## Your instructions:
Each line from the one containing "epsilon (inhabits 0%N)" through the final line of the data below must be repeated exactly.
##### The input
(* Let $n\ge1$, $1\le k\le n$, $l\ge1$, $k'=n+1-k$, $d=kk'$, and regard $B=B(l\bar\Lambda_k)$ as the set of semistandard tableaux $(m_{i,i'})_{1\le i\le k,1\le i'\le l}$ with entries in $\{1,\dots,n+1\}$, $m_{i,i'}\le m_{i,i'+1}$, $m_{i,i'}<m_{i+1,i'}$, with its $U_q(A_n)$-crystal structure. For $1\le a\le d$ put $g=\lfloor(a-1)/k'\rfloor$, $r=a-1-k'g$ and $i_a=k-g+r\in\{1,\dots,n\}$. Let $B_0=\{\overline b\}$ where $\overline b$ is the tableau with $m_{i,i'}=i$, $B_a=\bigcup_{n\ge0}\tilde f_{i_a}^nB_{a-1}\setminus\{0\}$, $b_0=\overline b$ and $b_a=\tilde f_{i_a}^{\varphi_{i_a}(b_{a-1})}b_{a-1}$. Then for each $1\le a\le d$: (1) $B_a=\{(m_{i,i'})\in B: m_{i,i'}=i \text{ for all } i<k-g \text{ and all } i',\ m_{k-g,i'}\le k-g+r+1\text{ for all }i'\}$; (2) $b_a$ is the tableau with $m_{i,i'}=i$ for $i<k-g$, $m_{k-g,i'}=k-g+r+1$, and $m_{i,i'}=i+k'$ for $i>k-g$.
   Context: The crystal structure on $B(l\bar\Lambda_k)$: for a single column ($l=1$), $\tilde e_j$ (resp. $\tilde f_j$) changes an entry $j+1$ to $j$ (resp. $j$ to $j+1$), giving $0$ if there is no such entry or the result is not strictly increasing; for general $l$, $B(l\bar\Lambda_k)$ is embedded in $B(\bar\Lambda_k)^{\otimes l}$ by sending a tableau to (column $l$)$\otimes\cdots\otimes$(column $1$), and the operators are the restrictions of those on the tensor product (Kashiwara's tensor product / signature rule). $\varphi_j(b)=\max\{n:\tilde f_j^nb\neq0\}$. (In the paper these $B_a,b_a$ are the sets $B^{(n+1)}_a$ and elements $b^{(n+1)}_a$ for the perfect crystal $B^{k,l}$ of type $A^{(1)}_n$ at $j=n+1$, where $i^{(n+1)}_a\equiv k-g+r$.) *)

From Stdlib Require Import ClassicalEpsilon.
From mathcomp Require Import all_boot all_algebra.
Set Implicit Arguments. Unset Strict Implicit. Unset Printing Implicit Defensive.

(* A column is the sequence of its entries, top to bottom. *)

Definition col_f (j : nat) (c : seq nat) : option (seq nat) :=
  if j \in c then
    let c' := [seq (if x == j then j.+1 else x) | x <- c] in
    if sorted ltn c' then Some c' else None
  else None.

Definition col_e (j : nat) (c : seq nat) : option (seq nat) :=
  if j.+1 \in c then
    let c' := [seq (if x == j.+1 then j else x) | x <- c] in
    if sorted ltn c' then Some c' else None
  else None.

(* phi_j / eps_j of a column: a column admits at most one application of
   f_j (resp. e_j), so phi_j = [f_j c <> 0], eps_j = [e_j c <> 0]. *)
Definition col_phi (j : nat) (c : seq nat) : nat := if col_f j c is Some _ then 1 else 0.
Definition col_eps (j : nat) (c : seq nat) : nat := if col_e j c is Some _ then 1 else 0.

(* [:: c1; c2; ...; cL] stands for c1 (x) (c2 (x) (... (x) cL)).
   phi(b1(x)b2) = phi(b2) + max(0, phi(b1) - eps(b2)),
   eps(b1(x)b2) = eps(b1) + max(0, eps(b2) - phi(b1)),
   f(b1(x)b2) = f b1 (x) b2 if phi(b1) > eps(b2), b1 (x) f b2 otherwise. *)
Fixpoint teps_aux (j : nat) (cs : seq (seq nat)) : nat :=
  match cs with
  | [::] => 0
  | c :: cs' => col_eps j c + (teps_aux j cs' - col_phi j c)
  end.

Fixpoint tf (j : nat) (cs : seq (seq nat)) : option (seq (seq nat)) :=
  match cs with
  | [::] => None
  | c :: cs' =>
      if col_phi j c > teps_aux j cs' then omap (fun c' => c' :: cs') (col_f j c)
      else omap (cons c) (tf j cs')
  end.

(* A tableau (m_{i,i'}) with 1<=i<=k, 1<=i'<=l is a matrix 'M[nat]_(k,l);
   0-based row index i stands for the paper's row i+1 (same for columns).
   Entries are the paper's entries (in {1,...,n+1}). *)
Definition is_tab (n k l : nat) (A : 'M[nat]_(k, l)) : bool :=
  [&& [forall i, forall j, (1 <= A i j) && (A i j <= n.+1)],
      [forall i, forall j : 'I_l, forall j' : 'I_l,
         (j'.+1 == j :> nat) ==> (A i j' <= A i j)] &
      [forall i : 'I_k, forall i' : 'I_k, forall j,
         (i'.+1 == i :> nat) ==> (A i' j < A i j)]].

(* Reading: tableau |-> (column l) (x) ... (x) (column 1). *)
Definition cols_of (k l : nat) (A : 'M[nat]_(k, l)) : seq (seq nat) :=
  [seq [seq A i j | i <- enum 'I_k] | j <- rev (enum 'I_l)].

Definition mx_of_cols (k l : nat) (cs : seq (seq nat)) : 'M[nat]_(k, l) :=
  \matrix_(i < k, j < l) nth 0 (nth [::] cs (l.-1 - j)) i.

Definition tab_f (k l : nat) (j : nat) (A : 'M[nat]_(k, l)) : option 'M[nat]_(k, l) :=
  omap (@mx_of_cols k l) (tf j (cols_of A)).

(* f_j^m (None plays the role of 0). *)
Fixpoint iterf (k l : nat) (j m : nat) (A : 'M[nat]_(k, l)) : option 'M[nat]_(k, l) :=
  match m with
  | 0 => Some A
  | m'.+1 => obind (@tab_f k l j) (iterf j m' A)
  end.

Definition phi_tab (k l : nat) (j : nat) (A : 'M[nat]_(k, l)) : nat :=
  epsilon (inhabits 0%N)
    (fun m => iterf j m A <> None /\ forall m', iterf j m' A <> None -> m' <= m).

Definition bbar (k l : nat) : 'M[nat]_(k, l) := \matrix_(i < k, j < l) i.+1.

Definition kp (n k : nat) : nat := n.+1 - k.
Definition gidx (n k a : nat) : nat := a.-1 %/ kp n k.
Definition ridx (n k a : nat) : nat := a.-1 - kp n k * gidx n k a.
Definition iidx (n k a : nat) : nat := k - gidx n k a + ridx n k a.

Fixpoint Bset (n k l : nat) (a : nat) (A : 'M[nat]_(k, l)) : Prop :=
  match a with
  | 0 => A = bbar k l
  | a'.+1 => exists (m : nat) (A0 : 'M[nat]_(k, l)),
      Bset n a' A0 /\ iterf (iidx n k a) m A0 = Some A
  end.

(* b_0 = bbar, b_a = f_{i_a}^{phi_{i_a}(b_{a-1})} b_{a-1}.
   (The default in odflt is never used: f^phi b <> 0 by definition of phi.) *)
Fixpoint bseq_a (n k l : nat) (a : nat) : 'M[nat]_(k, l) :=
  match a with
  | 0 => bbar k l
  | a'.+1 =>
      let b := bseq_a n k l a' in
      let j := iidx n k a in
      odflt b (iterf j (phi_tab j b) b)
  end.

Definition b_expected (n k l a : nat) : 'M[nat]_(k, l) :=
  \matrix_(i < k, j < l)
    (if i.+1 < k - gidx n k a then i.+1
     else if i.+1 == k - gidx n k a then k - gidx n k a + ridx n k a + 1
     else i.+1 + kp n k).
##########
## Written answer:
  epsilon (inhabits 0%N)
    (fun m => iterf j m A <> None /\ forall m', iterf j m' A <> None -> m' <= m).

Definition bbar (k l : nat) : 'M[nat]_(k, l) := \matrix_(i < k, j < l) i.+1.

Definition kp (n k : nat) : nat := n.+1 - k.
Definition gidx (n k a : nat) : nat := a.-1 %/ kp n k.
Definition ridx (n k a : nat) : nat := a.-1 - kp n k * gidx n k a.
Definition iidx (n k a : nat) : nat := k - gidx n k a + ridx n k a.

Fixpoint Bset (n k l : nat) (a : nat) (A : 'M[nat]_(k, l)) : Prop :=
  match a with
  | 0 => A = bbar k l
  | a'.+1 => exists (m : nat) (A0 : 'M[nat]_(k, l)),
      Bset n a' A0 /\ iterf (iidx n k a) m A0 = Some A
  end.

(* b_0 = bbar, b_a = f_{i_a}^{phi_{i_a}(b_{a-1})} b_{a-1}.
   (The default in odflt is never used: f^phi b <> 0 by definition of phi.) *)
Fixpoint bseq_a (n k l : nat) (a : nat) : 'M[nat]_(k, l) :=
  match a with
  | 0 => bbar k l
  | a'.+1 =>
      let b := bseq_a n k l a' in
      let j := iidx n k a in
      odflt b (iterf j (phi_tab j b) b)
  end.

Definition b_expected (n k l a : nat) : 'M[nat]_(k, l) :=
  \matrix_(i < k, j < l)
    (if i.+1 < k - gidx n k a then i.+1
     else if i.+1 == k - gidx n k a then k - gidx n k a + ridx n k a + 1
     else i.+1 + kp n k).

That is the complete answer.